Getting Started with SQL

Andrew Jamieson
Analytics Vidhya
Published in
8 min readNov 16, 2020

How to use basic commands

If Data Scientist really is the sexiest job in the world, SQL is the decidedly unsexy tool that you’ll use to do most of your work. Based on job descriptions, SQL is even more in demand than other popular programming languages like Python and Java.

TL,DR — go to the summary table of basic commands at the end

What? by Rhys Kentish on Unsplash

What is SQL

SQL is the most commonly used language for interacting with databases. Why? It is relatively easy to understand and allows us to access data directly where it is stored.

SQL can be pronounced in two different ways.
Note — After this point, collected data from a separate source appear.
(* Let $R$ be a ring, let $A$ be an index set with $|A|>\max(2^{|R|},2^{\aleph_0})$, and let $(M_\alpha)_{\alpha\in A}$ be a family of left $R$-modules none of which is algebraically compact. Then $$\prod_{\alpha\in A}M_\alpha\Big/\bigoplus_{\alpha\in A}M_\alpha$$ is not algebraically compact.
   Context: A left $R$-module $M$ is algebraically compact if every system of linear equations $\sum_{j\in J} r_{ij}x_j=m_i$ ($i\in I$, $r_{ij}\in R$, each row having almost all $r_{ij}=0$, $m_i\in M$, $I,J$ arbitrary sets) whose finite subsystems are all solvable in $M$ is itself solvable in $M$ (equivalently, $M$ is pure injective). *)

From HB Require Import structures.
From mathcomp Require Import all_boot all_order all_algebra.
From mathcomp Require Import boolp classical_sets cardinality fsbigop.
Set Implicit Arguments. Unset Strict Implicit. Unset Printing Implicit Defensive.
Import GRing.Theory.
Local Open Scope ring_scope.
Local Open Scope classical_set_scope.

Definition choiced (J : Type) : Type := J.
HB.instance Definition _ (J : Type) := gen_eqMixin (choiced J).
HB.instance Definition _ (J : Type) := gen_choiceMixin (choiced J).

Section LinearSystems.
Variables (R : pzRingType) (V : lmodType R).

Definition rows_finite (I J : Type) (r : I -> J -> R) : Prop :=
  forall i, finite_set [set j | r i j != 0].

Definition row_value (J : Type) (ri : J -> R) (x : J -> V) : V :=
  \sum_(j \in [set: choiced J]) (ri j *: x j).

Definition alg_compact : Prop :=
  forall (I J : Type) (r : I -> J -> R) (m : I -> V),
    rows_finite r ->
    (forall F : set I, finite_set F ->
       exists x : J -> V, forall i, F i -> row_value (r i) x = m i) ->
    exists x : J -> V, forall i, row_value (r i) x = m i.

(* Elements of V/P are written as classes of elements of V, and an
   equation  sum_j r_ij [x_j] = [m_i]  holds in V/P iff
   sum_j r_ij x_j - m_i lies in P. *)
Definition alg_compact_quot (P : set V) : Prop :=
  forall (I J : Type) (r : I -> J -> R) (m : I -> V),
    rows_finite r ->
    (forall F : set I, finite_set F ->
       exists x : J -> V, forall i, F i -> P (row_value (r i) x - m i)) ->
    exists x : J -> V, forall i, P (row_value (r i) x - m i).

End LinearSystems.

Section Product.
Variables (R : pzRingType) (A : Type) (M : A -> lmodType R).

Definition dprod := forall a, M a.

HB.instance Definition _ := Choice.copy dprod (forall a, M a).
Lemma winner_seated r k : exists2 q, q %/ 2 ^ r = k & W r k = seat q.
Proof.
elim: r k => [|r IHr] k /=; first by exists k; rewrite ?expn0 ?divn1.
have [q1 q1k ->] := IHr k.*2; have [q2 q2k ->] := IHr k.*2.+1.
case: leqP => _; [exists q1 | exists q2]; rewrite // divn_exp2S ?q1k ?q2k; lia.
Qed.

Lemma winner_mono r R q :
  r <= R -> W R (q %/ 2 ^ R) = seat q -> W r (q %/ 2 ^ r) = seat q.
Proof.
move=> le_rR WRq; apply/eqP; rewrite eqn_leq winner_le_seat /= -WRq.
have [q' q'k ->] := winner_seated r (q %/ 2 ^ r).
by rewrite (divn_exp2_le q le_rR) -q'k -divn_exp2_le // winner_le_seat.
Qed.

Lemma survives_le p r R : r <= R -> survives p R -> survives p r.
Proof.
move=> le_rR [q q_lt [<- WRq]]; exists q => //; split=> //.
exact: winner_mono WRq.
Qed.

Lemma game_of_pos r q : r < N -> q < 2 ^ N -> is_game r (q %/ 2 ^ r.+1).
Proof.
move=> lt_rN q_lt; rewrite /is_game lt_rN ltn_divLR ?expn_gt0 // -expnD subnK //.
Qed.

Lemma pos_of_game r k q : is_game r k -> q %/ 2 ^ r.+1 = k -> q < 2 ^ N.
Proof.
case/andP=> lt_rN lt_k q_k; move: lt_k.
by rewrite -q_k ltn_divLR ?expn_gt0 // -expnD subnK.
Qed.

Lemma divn_exp2S_half q r k :
  q %/ 2 ^ r = k.*2 \/ q %/ 2 ^ r = k.*2.+1 -> q %/ 2 ^ r.+1 = k.
Proof. by rewrite divn_exp2S; case=> ->; lia. Qed.

Lemma game_player r k p : is_game r k -> p = W r k.*2 \/ p = W r k.*2.+1 ->
  exists2 q, q < 2 ^ N & [/\ seat q = p, W r (q %/ 2 ^ r) = p & q %/ 2 ^ r.+1 = k].
Proof.
move=> game_rk p_in.
have [q q_half [Wq seat_q]] : exists2 q, q %/ 2 ^ r = k.*2 \/ q %/ 2 ^ r = k.*2.+1 &
    W r (q %/ 2 ^ r) = p /\ seat q = p.
  case: p_in => ->.
  - by have [q q_k W_q] := winner_seated r k.*2; exists q; rewrite ?q_k; auto.
  - by have [q q_k W_q] := winner_seated r k.*2.+1; exists q; rewrite ?q_k; auto.
have q_k := divn_exp2S_half q_half.
by exists q; [exact: pos_of_game q_k | split].
Qed.

Definition ngames (P : nat -> nat -> bool) : nat :=
  \sum_(g : 'I_N * 'I_(2 ^ N) | is_game g.1 g.2) P g.1 g.2.

Lemma ngames_mono (P Q : nat -> nat -> bool) :
  (forall r k, is_game r k -> P r k -> Q r k) -> ngames P <= ngames Q.
Proof.
by move=> PQ; apply: leq_sum => g game_g; case: (P _ _) (PQ _ _ game_g) => // ->.
Qed.

Lemma ngames_gt0 (P : nat -> nat -> bool) :
  0 < ngames P -> exists r k, is_game r k /\ P r k.
Proof.
rewrite lt0n sum_nat_eq0 => /forallPn[g]; rewrite negb_imply eqb0 negbK => /andP[game_g P_g].
by exists g.1, g.2.
Qed.

Lemma ngames_witness (P : nat -> nat -> bool) r k :
  is_game r k -> P r k -> 0 < ngames P.
Proof.
move=> game_rk P_rk; have /andP[lt_rN lt_k] := game_rk.
have lt_kN : k < 2 ^ N by apply: leq_trans lt_k _; rewrite leq_pexp2l // leq_subr.
by rewrite /ngames (bigD1 (Ordinal lt_rN, Ordinal lt_kN)) //= P_rk.
Qed.

Lemma tourn_value_games (v : nat -> nat -> int) : (forall a b, v a b = v b a) ->
  tourn_value v N seat =
  (\sum_(g : 'I_N * 'I_(2 ^ N) | is_game g.1 g.2) v (W g.1.+1 g.2) (loser g.1 g.2))%R.
Proof.
move=> vC; rewrite /tourn_value big_add1 /= big_mkord.
rewrite (eq_bigr (fun r : 'I_N =>
  \sum_(k < 2 ^ N | (k < 2 ^ (N - r.+1))%N) v (W r.+1 k) (loser r k))%R); last first.
  move=> r _; rewrite (big_nat_widen _ _ (2 ^ N)) ?leq_pexp2l ?leq_subr // big_mkord.
  by apply: eq_bigr => k _; rewrite /loser /=; case: leqP => _; rewrite // vC.
by rewrite pair_big_dep; apply: eq_bigl => g; rewrite /is_game ltn_ord.
Qed.

Hypothesis seat_inj : forall q q', q < 2 ^ N -> q' < 2 ^ N -> seat q = seat q' -> q = q'.

Lemma winner_lt_loser r k : is_game r k -> W r.+1 k < loser r k.
Proof.
move=> game_rk; rewrite /= /loser.
have [q1 q1_k W1] := winner_seated r k.*2; have [q2 q2_k W2] := winner_seated r k.*2.+1.
suff : W r k.*2 != W r k.*2.+1 by lia.
apply/eqP; rewrite W1 W2 => /seat_inj eq_q.
have lt_q1 : q1 < 2 ^ N by apply: pos_of_game game_rk _; apply: divn_exp2S_half; left.
have lt_q2 : q2 < 2 ^ N by apply: pos_of_game game_rk _; apply: divn_exp2S_half; right.
by move: q1_k; rewrite eq_q // q2_k; lia.
Qed.

Lemma winner_in_game r k : W r.+1 k = W r k.*2 \/ W r.+1 k = W r k.*2.+1.
Proof. by rewrite /=; lia. Qed.

Lemma loser_in_game r k : loser r k = W r k.*2 \/ loser r k = W r k.*2.+1.
Proof. by rewrite /loser; lia. Qed.

Lemma winner_survives r k : is_game r k -> survives (W r.+1 k) r.+1.
Proof.
move=> game_rk; have [q q_lt [seat_q _ q_k]] := game_player game_rk (winner_in_game r k).
by exists q; rewrite ?q_k.
Qed.

Lemma survivor_wins p r : r < N -> survives p r.+1 ->
  exists2 k, is_game r k & W r.+1 k = p.
Proof. by move=> lt_rN [q q_lt [_ W_q]]; exists (q %/ 2 ^ r.+1); rewrite ?game_of_pos. Qed.

Lemma loser_not_survives r k p : is_game r k -> survives p r.+1 -> loser r k <> p.
Proof.
move=> game_rk [q q_lt [<- W_q]] lose_q.
have [q' q'_lt [seat_q' _ q'_k]] := game_player game_rk (loser_in_game r k).
have eq_q : q' = q by apply: seat_inj; rewrite // seat_q'.
have := winner_lt_loser game_rk.
by rewrite lose_q -q'_k eq_q W_q ltnn.
Qed.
You can say the letters individually “S”, “Q”, “L”, or like the word “Sequel”. Either way is fine, although be warned … you may come across some people that adamantly insist that their pronunciation is the correct one. Even the big tech companies seem to disagree on this: Microsoft and Oracle databases use “Sequel”, while IBM and most open source databases use “S.Q.L”
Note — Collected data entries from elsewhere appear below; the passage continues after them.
Lemma coherentD_posi D E f :
  coherentD D -> (forall g, E g -> D g) -> posi E f -> D f.
Proof.
  intros [_ [_ [HDZ HDD]]] HSD [m [lam [h [Hm [Hlam Hf]]]]].
  replace f with (lin_comb lam h (m - 1))
    by (apply gamble_ext; intro w; now rewrite Hf, lin_combE).
  assert (Hcomb : forall n, (n < m)%nat -> D (lin_comb lam h n)).
  { induction n as [|n IH]; intro Hn; simpl; destruct (Hlam _ Hn).
    - apply HDZ; auto.
    - apply HDD; [apply IH; lia|apply HDZ; auto]. }
  apply Hcomb; lia.
Qed.

Lemma coherentD_le D g f : coherentD D -> D g -> gle g f -> D f.
Proof.
  intros [_ [HDpos [_ HDD]]] Hg Hgf.
  pose (d := gadd f (gscale (-1) g)).
  assert (Ef : f = gadd g d)
    by (apply gamble_ext; intro w; simpl; ring).
  destruct (classic (d = gzero Om)) as [Hd|Hd].
  - replace f with g; [exact Hg|].
    apply gamble_ext; intro w; rewrite Ef, Hd; simpl; ring.
  - rewrite Ef; apply HDD; [exact Hg|apply HDpos; split; [|exact Hd]].
    intro w; specialize (Hgf w); simpl; lra.
Qed.

(* The natural extension of the assessment E: the smallest coherent set containing
   E, whenever there is one. *)
Definition natext E (x : gamble Om) : Prop :=
  gpos x \/ exists c, posi E c /\ gle c x.

Lemma natext_incl E g : E g -> natext E g.
Proof. intro Hg; right; exists g; split; [apply posi_mem; exact Hg|intro; lra]. Qed.

Lemma natext_coherent E : ~ natext E (gzero Om) -> coherentD (natext E).
Proof.
  intro Hz; split; [exact Hz|split; [intros g Hg; now left|split]].
  - intros g l [Hg|[c [Hc Hcg]]] Hl.
    + left; apply gposE in Hg as [Hge [w Hw]]; apply gposE; split.
      * intro v; specialize (Hge v); simpl in *; apply Rmult_le_pos; lra.
      * exists w; simpl; apply Rmult_lt_0_compat; assumption.
    + right; exists (gscale l c); split; [apply posiZ; assumption|].
      intro w; simpl; apply Rmult_le_compat_l; [lra|apply Hcg].
  - intros f g [Hf|[c [Hc Hcf]]] [Hg|[d [Hd Hdg]]].
    + left; apply gposE in Hf as [Hfge [w Hw]]; apply gposE in Hg as [Hgge _].
      apply gposE; split.
      * intro v; specialize (Hfge v); specialize (Hgge v); simpl in *; lra.
      * exists w; specialize (Hgge w); simpl in *; lra.
    + right; exists d; split; [exact Hd|]; destruct Hf as [Hfge _].
      intro w; specialize (Hfge w); specialize (Hdg w); simpl in *; lra.
    + right; exists c; split; [exact Hc|]; destruct Hg as [Hgge _].
      intro w; specialize (Hgge w); specialize (Hcf w); simpl in *; lra.
    + right; exists (gadd c d); split; [apply posiD; assumption|].
      intro w; specialize (Hcf w); specialize (Hdg w); simpl; lra.
Qed.

Lemma natext_dominated E B :
  (forall D, coherentD D -> (forall g, E g -> D g) -> meets B D) ->
  ~ (exists b, B b /\ gpos b) ->
  exists c, posi E c /\ (gle c (gzero Om) \/ exists b, B b /\ gle c b).
Proof.
  intros HEB HBpos.
  destruct (classic (natext E (gzero Om))) as [[Hz|[c [Hc Hc0]]]|Hz].
  - exfalso; exact (gpos_gzero Hz).
  - exists c; auto.
  - destruct (HEB _ (natext_coherent Hz) (@natext_incl E)) as [b [Hb [Hbpos|[c [Hc Hcb]]]]].
    + exfalso; eauto.
    + exists c; eauto.
Qed.

Lemma tuple_meets As gs D :
  tuple_of As gs -> (forall g, In g gs -> D g) -> Forall (fun A => meets A D) As.
Proof.
  induction 1 as [|A g As gs HA _ IH]; intro HD; constructor.
  - exists g; split; [exact HA|apply HD; now left].
  - apply IH; intros; apply HD; now right.
Qed.

Lemma meets_tuple As D :
  Forall (fun A => meets A D) As -> exists gs, tuple_of As gs /\ forall g, In g gs -> D g.
Proof.
  induction 1 as [|A As [g [HA HDg]] _ [gs [Hgs HD]]].
  - exists nil; split; [constructor|intros g []].
  - exists (g :: gs); split; [constructor; assumption|].
    intros h [<-|Hh]; auto.
Qed.

Section CoherentK.
Variable K : gset Om -> Prop.
Hypothesis HK : coherentK K.

(* K_Dom sends every c to a member of B dominating it, or to 0 if there is none;
   K_0 then discards the 0. *)
Lemma coherentK_dominated A B :
  K A -> (forall c, A c -> gle c (gzero Om) \/ exists b, B b /\ gle c b) -> K B.
Proof.
  destruct HK as [_ [HK0 [_ [HKsup [HKdom _]]]]]; intros HA HAB.
  assert (Hdom : forall c, exists b,
             (B b /\ gle c b) \/ (~ (exists b, B b /\ gle c b) /\ b = gzero Om)).
  { intro c; destruct (classic (exists b, B b /\ gle c b)) as [[b Hb]|Hnb];
      [exists b|exists (gzero Om)]; auto. }
  destruct (choice _ Hdom) as [dom Hdom_spec].
  assert (Himg : K (fun h => exists c, A c /\ h = dom c)).
  { apply HKdom; [exact HA|intros c Hc].
    destruct (Hdom_spec c) as [[_ Hle]|[Hnb ->]]; [exact Hle|].
    destruct (HAB c Hc) as [Hle|Hb]; [exact Hle|contradiction]. }
  apply (HKsup _ _ (HK0 _ Himg)); intros h [[c [_ ->]] Hne].
  destruct (Hdom_spec c) as [[Hb _]|[_ Hzero]]; [exact Hb|contradiction].
Qed.

Lemma coherentK_implied (Bs : list (gset Om)) B :
  Forall K Bs ->
  (forall D, coherentD D -> Forall (fun A => meets A D) Bs -> meets B D) -> K B.
Proof.
  intros HBs HBsB; destruct HK as [_ [_ [HKpos [HKsup [_ HKadd]]]]].
  destruct (classic (exists b, B b /\ gpos b)) as [[b [Hb Hbpos]]|HBpos].
  { apply (HKsup (fun h => h = b)); [apply HKpos; exact Hbpos|now intros g ->]. }
  assert (Hsel : forall gs, exists c, tuple_of Bs gs ->
             posi (fun h => In h gs) c /\ (gle c (gzero Om) \/ exists b, B b /\ gle c b)).
  { intro gs; destruct (classic (tuple_of Bs gs)) as [Hgs|Hgs];
      [|exists (gzero Om); contradiction].
    destruct (natext_dominated (fun h => In h gs) (B := B)) as [c Hc];
      [|exact HBpos|exists c; auto].
    intros D HD HgsD; apply HBsB; [exact HD|exact (tuple_meets D Hgs HgsD)]. }
  destruct (choice _ Hsel) as [sel Hsel_spec].
  apply coherentK_dominated
    with (A := fun h => exists gs, tuple_of Bs gs /\ h = sel gs).
  - apply HKadd; [exact HBs|intros gs Hgs; apply Hsel_spec, Hgs].
  - intros c [gs [Hgs ->]]; apply Hsel_spec, Hgs.
Qed.

Definition implied_filter (DD : gset Om -> Prop) : Prop :=
  (forall D, DD D -> coherentD D) /\
  exists Bs, Forall K Bs /\
    forall D, coherentD D -> Forall (fun A => meets A D) Bs -> DD D.

Lemma implied_filter_proper : proper_filter implied_filter.
Proof.
  split; [|split; [|split; [|split]]].
  - intros DD [HDD _]; exact HDD.
  - exists (@coherentD Om); split; [auto|exists nil; split; auto].
  - intros [_ [Bs [HBs HBsD]]]; destruct HK as [HKemp _]; apply HKemp.
    apply (coherentK_implied HBs); intros D HD HBsD'; destruct (HBsD D HD HBsD').
  - intros DD1 DD2 [HDD1 [Bs1 [HBs1 H1]]] [_ [Bs2 [HBs2 H2]]]; split.
    + intros D [HD _]; auto.
    + exists (Bs1 ++ Bs2); split; [apply Forall_app; auto|].
      intros D HD HBsD; apply Forall_app in HBsD as [HB1 HB2]; auto.
  - intros DD1 DD2 [_ [Bs [HBs H1]]] H12 HDD2; split; [exact HDD2|].
    exists Bs; auto.
Qed.

Lemma filter_rep_implied_filter B : K B <-> filter_rep implied_filter B.
Proof.
  split.
  - intro HB; exists (meeting_set B); split; [split|].
    + intros D [HD _]; exact HD.
    + exists (B :: nil); split; [auto|].
      intros D HD HBD; inversion HBD; split; assumption.
    + intros D [_ HBD]; exact HBD.
  - intros [DD [[_ [Bs [HBs HBsD]]] HDDB]].
    apply (coherentK_implied HBs); intros D HD HBsD'; exact (HDDB D (HBsD D HD HBsD')).
Qed.

End CoherentK.

Section ProperFilter.
Variable F : (gset Om -> Prop) -> Prop.
Hypothesis HF : proper_filter F.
SQL was originally developed in the ’70s by IBM researchers and it was first called SEQUEL. However, an aircraft company already held the trademark, so they dropped the vowels and renamed it SQL. SQL is also sometimes referred to as Structured Query Language … but that’s even more of a mouthful.

There are different types of SQL Databases. Some of the most popular are Oracle Database, SQL Server, DB2, PostgreSQL, and MySQL. These all use SQL, but there are some minor variations between them.

More on the history here

What are data, databases, tables?

Data are a collection of facts relating to an object. Data could be numbers, words, measurements, or even an image, a sound, or a video.

A database is an organized collection of data. It is a way to store information so that it can be accessed later. There are many different types of databases. Some examples are relational, object-oriented, NoSQL, graph … In this blog, we’ll be discussing relational databases — where the data are stored in tables that are related to each other.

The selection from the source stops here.